Cytauxzoonosis is a disease that affects domestic cats and some wild cat species. This disease is caused by a protozoan parasite related to Babesia. Cytauxzoonosis is a very serious disease that is almost always fatal to cats that are not treated. Even the best treatment option only has a 60 percent survival rate. This disease is most prevalent in southern Illinois but is moving north as lone star ticks move north. There is no vaccine for cytauxzoonosis. The best prevention is to use the best available tick preventatives.

Heartland Virus and Bourbon Virus

Heartland virus and Bourbon virus are rare but life-threatening tick-borne viruses in the Midwest. The lone star tick is thought to be a vector of Heartland virus, although it is unknown if other ticks may also transmit this virus. Heartland virus is rare and there are no specific treatments for this illness.

One Health is an approach widely adopted in public health sectors that recognizes that human health overlaps with environmental health and animal health. For ticks and tick-borne diseases this concept is especially true. Many environmental factors can impact tick populations. Invasive plants can lead to increased tick densities. Changes to the ecosystem can have significant impacts on ticks. Removal of large predators means that the density of deer increases, which leads to more ticks because deer are excellent “maintenance hosts” of ticks.
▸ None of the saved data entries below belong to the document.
(* Consider the two-layer multi-item order fulfillment problem described in the context with a single FDC ($K=1$), fixed costs $f_0\ge0$, $f_1>0$, and variable costs satisfying $a\le c_{k,t}^i\le b$ for constants $b>a>0$. Let \textsc{Cost-Comparison AdjV-Priority} be the following policy. In each period $t$, for each item $i$, set $\hat m_{1,t}^i=\min\{S_t^i,I_{1,t-1}^i\}$ if $c_{1,t}^i<\sqrt{a/b}\,c_{0,t}^i$ and $\hat m_{1,t}^i=0$ otherwise, and $\hat m_{0,t}^i=S_t^i-\hat m_{1,t}^i$. If \[\sum_{k=0,1}\Big[f_k\,\mathbb{I}\Big(\sum_{i=1}^n\hat m_{k,t}^i>0\Big)+\sum_{i=1}^nc_{k,t}^i\hat m_{k,t}^i\Big]>f_0+\sum_{i=1}^nc_{0,t}^iS_t^i,\] fulfill the whole order from the RDC ($m_{0,t}^i=S_t^i$, $m_{1,t}^i=0$); otherwise set $m_{k,t}^i=\hat m_{k,t}^i$. Then \[\mathfrak R(\textsc{Cost-Comparison AdjV-Priority})\le 1+\max\left\{\frac{f_0}{f_1},\ \sqrt{\frac ba}\right\}.\]
   Context: Problem with one FDC (index $1$) and one RDC (index $0$, unlimited inventory). The FDC initially holds $I_{1,0}^i\ge0$ units of item $i\in[n]$, never replenished. In periods $t=1,\dots,T$ an order $\boldsymbol S_t=(S_t^i)_i$ of nonnegative integers arrives; after observing it and the variable costs $c_{k,t}^i$, the policy must immediately and irrevocably choose $m_{0,t}^i,m_{1,t}^i\ge0$ with $m_{0,t}^i+m_{1,t}^i=S_t^i$ and $m_{1,t}^i\le I_{1,t-1}^i$, where $I_{1,t}^i=I_{1,0}^i-\sum_{\tau\le t}m_{1,\tau}^i$. Period cost $\sum_{k=0,1}[f_k\mathbb{I}(\sum_im_{k,t}^i>0)+\sum_ic_{k,t}^im_{k,t}^i]$; total cost is the sum over periods. Online policies decide in period $t$ using only fixed costs, initial inventories and orders/variable costs up to $t$ (and the known constants $a,b$). $\mathrm{ALG}(I)$: (expected) total cost; $\mathrm{OPT}(I)$: offline optimal total cost. $\mathfrak R(\mathrm{ALG})$ is the supremum of $\mathrm{ALG}(I)/\mathrm{OPT}(I)$ over all $n,T$, initial inventories, variable costs in $[a,b]$ and order sequences. *)

From mathcomp Require Import all_boot all_order all_algebra.
From mathcomp Require Import all_classical all_reals.
Set Implicit Arguments. Unset Strict Implicit. Unset Printing Implicit Defensive.
Import Order.TTheory GRing.Theory Num.Theory.
Local Open Scope classical_set_scope.
Local Open Scope ring_scope.

(* Instance data (one FDC = location 1, one RDC = location 0):
   n items ('I_n), periods t = 0,...,T-1 (paper's t = 1,...,T),
   I0 i = initial FDC inventory of item i,
   ord t i = ordered quantity of item i in period t,
   c0 t i, c1 t i = variable costs at RDC / FDC.
   A decision in period t is given by the FDC shipment m1 : 'I_n -> nat,
   and m0 i = ord t i - m1 i (with m1 i <= ord t i). *)

Section Model.
Variables (R : realType) (n : nat).
Variables (f0 f1 : R).
Variables (ord : nat -> 'I_n -> nat) (c0 c1 : nat -> 'I_n -> R).

Definition period_cost (t : nat) (m1 : 'I_n -> nat) : R :=
  f0 * ((0 < \sum_(i < n) (ord t i - m1 i))%N)%:R
  + f1 * ((0 < \sum_(i < n) m1 i)%N)%:R
  + \sum_(i < n) (c0 t i * (ord t i - m1 i)%:R + c1 t i * (m1 i)%:R).

Definition plan_cost (T : nat) (m1 : nat -> 'I_n -> nat) : R :=
  \sum_(t < T) period_cost t (m1 t).

(* offline feasibility: m1 <= S, and cumulative FDC shipments never exceed
   the initial inventory (equivalently I_{1,t-1} >= m_{1,t} every period) *)
Definition feasible (I0 : 'I_n -> nat) (T : nat) (m1 : nat -> 'I_n -> nat) : Prop :=
  forall (t : nat) (i : 'I_n), (t < T)%N ->
    (m1 t i <= ord t i)%N /\ (\sum_(tau < t.+1) m1 tau i <= I0 i)%N.

Definition OPT (I0 : 'I_n -> nat) (T : nat) : R :=
  inf [set plan_cost T m1 | m1 in [set m | feasible I0 T m]].

Variables (a b : R).

Definition hat_m1 (Iprev : 'I_n -> nat) (t : nat) (i : 'I_n) : nat :=
  if c1 t i < Num.sqrt (a / b) * c0 t i then minn (ord t i) (Iprev i) else 0%N.

Definition alg_m1 (Iprev : 'I_n -> nat) (t : nat) : 'I_n -> nat :=
  if period_cost t (hat_m1 Iprev t) > f0 + \sum_(i < n) c0 t i * (ord t i)%:R
  then (fun _ => 0%N) else hat_m1 Iprev t.

Fixpoint alg_inv (I0 : 'I_n -> nat) (k : nat) : 'I_n -> nat :=
  match k with
  | 0 => I0
  | k'.+1 => fun i => (alg_inv I0 k' i - alg_m1 (alg_inv I0 k') k' i)%N
  end.

Definition alg_plan (I0 : 'I_n -> nat) : nat -> 'I_n -> nat :=
  fun t => alg_m1 (alg_inv I0 t) t.

Definition ALG (I0 : 'I_n -> nat) (T : nat) : R := plan_cost T (alg_plan I0).

End Model.

(* Compare the policy, period by period, with an arbitrary feasible plan z.
   A unit the policy ships from the FDC beyond z is charged an extra b, and a
   unit z ships from the FDC that the policy's remaining stock cannot cover is
   credited b.  With lam = max(f0/f1, sqrt(b/a)), each period then costs the
   policy at most (1 + lam) times the cost of z: the FDC fixed cost is paid for
   by f0 <= lam f1; an item sent from the FDC only when sqrt(b/a) c1 < c0 has
   c1 <= c0 and b <= sqrt(b/a) c0, so its FDC cost plus the charge b stays
   below (1 + sqrt(b/a)) c0; any other item has c0 <= sqrt(b/a) c1.  For each
   item, the stock that the policy lacks when z needs it was consumed earlier
   in excess of z, so over the horizon the credits never exceed the charges. *)

From mathcomp Require Import all_boot all_order all_algebra.
From mathcomp Require Import all_classical all_reals.
From mathcomp Require Import lra zify.
Import Order.TTheory GRing.Theory Num.Theory.
Set Implicit Arguments. Unset Strict Implicit. Unset Printing Implicit Defensive.

Lemma sum_shortfall_le_sum_excess (I y z : nat -> nat) (T : nat) :
  (forall k, I k.+1 = I k - y k) ->
  (forall k, k < T -> \sum_(t < k.+1) z t <= I 0) ->
  \sum_(t < T) (z t - I t) <= \sum_(t < T) (y t - z t).
Proof.
move=> I_next z_cum.
(* [I 0 - \sum_(t < k) z t - I k] is the stock consumed beyond the plan [z]
   that is still to be matched by a later shortfall. *)
suff /(_ T (leqnn T)) : forall k, k <= T ->
    \sum_(t < k) (z t - I t) + (I 0 - \sum_(t < k) z t - I k)
      <= \sum_(t < k) (y t - z t).
  by apply: leq_trans; rewrite leq_addr.
elim=> [|k IHk] k_lt_T; first by rewrite !big_ord0 subn0 subnn.
have := IHk (ltnW k_lt_T); have := z_cum k k_lt_T.
rewrite !big_ord_recr /= I_next; lia.
Qed.

Lemma fun0_le_sum_eq0 (I : finType) (F m : I -> nat) :
  \sum_i F i = 0 -> (forall i, m i <= F i) -> m = fun=> 0.
Proof.
move=> /eqP; rewrite sum_nat_eq0 => /forallP F0 m_le; apply: boolp.funext => i.
by apply/eqP; rewrite -leqn0 -(eqP (F0 i)) m_le.
Qed.

Local Open Scope ring_scope.

Section SqrtRatio.
Variables (R : rcfType) (a b : R).
Hypotheses (a_gt0 : 0 < a) (a_le_b : a <= b).
Local Notation r := (Num.sqrt (b / a)).

Let b_gt0 : 0 < b. Proof. exact: lt_le_trans a_le_b. Qed.
Let ba_ge0 : 0 <= b / a. Proof. by rewrite divr_ge0 // ltW. Qed.

Lemma sqrt_ratio_ge1 : 1 <= r.
Proof. by rewrite -sqrtr1 ler_sqrt // ler_pdivlMr // mul1r. Qed.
A researcher holds a sedated bobcat. In the background is a snowy woodland.
Dr. Zieman with a sedated bobcat captured, sampled and released while studying Cytauxzoon felis in bobcats in southern Illinois. Photos courtesy of Elliott Zieman.

With One Health in mind, you can help reduce your risk, and your pet’s risk of tick bites and tick-borne diseases. It can be very challenging to completely prevent a tick from biting you, however you can take some precautions that may reduce your exposure.

  • If a tick does bite you or your pet, it is very important to remove the tick as quickly as possible. Some tick-borne pathogens can take many hours to days to be transmitted, if you remove the tick promptly you can reduce the likelihood of becoming infected with a tick-borne disease.
  • Pets should be on veterinarian-recommended tick preventatives year-round.
  • Hunters and other outdoor enthusiasts are advised to take precautions when in the field. For tips on where ticks live, how to minimize the potential for tick bites, how to handle a tick bite and where to send a tick for analysis, review the OutdoorIllinois Journal article Staying Safe During Tick Season.

The rapid increase in tick-borne diseases across the U.S. requires vigilance from everyone. This means preventing tick bites and prompt removal of a tick from both people and pets. You also should familiarize yourself with the different tick species in order to know what disease risks there are and what symptoms to look for if bitten. The Illinois Lyme Association website is a good place to start your education on ticks and tick-borne diseases.

With a few precautionary measures we can still all enjoy all the outdoors have to offer.

Elliott Zieman is an assistant professor in the Department of Biological Sciences at Eastern Illinois University. Dr. Zieman grew up in the northwest suburbs of Chicago and went to Southern Illinois University for his bachelor’s and graduate degrees. He conducts research on several zoonotic tick-borne pathogens. Dr. Zieman and his students investigate the intersection of wildlife and domestic animal pathogens.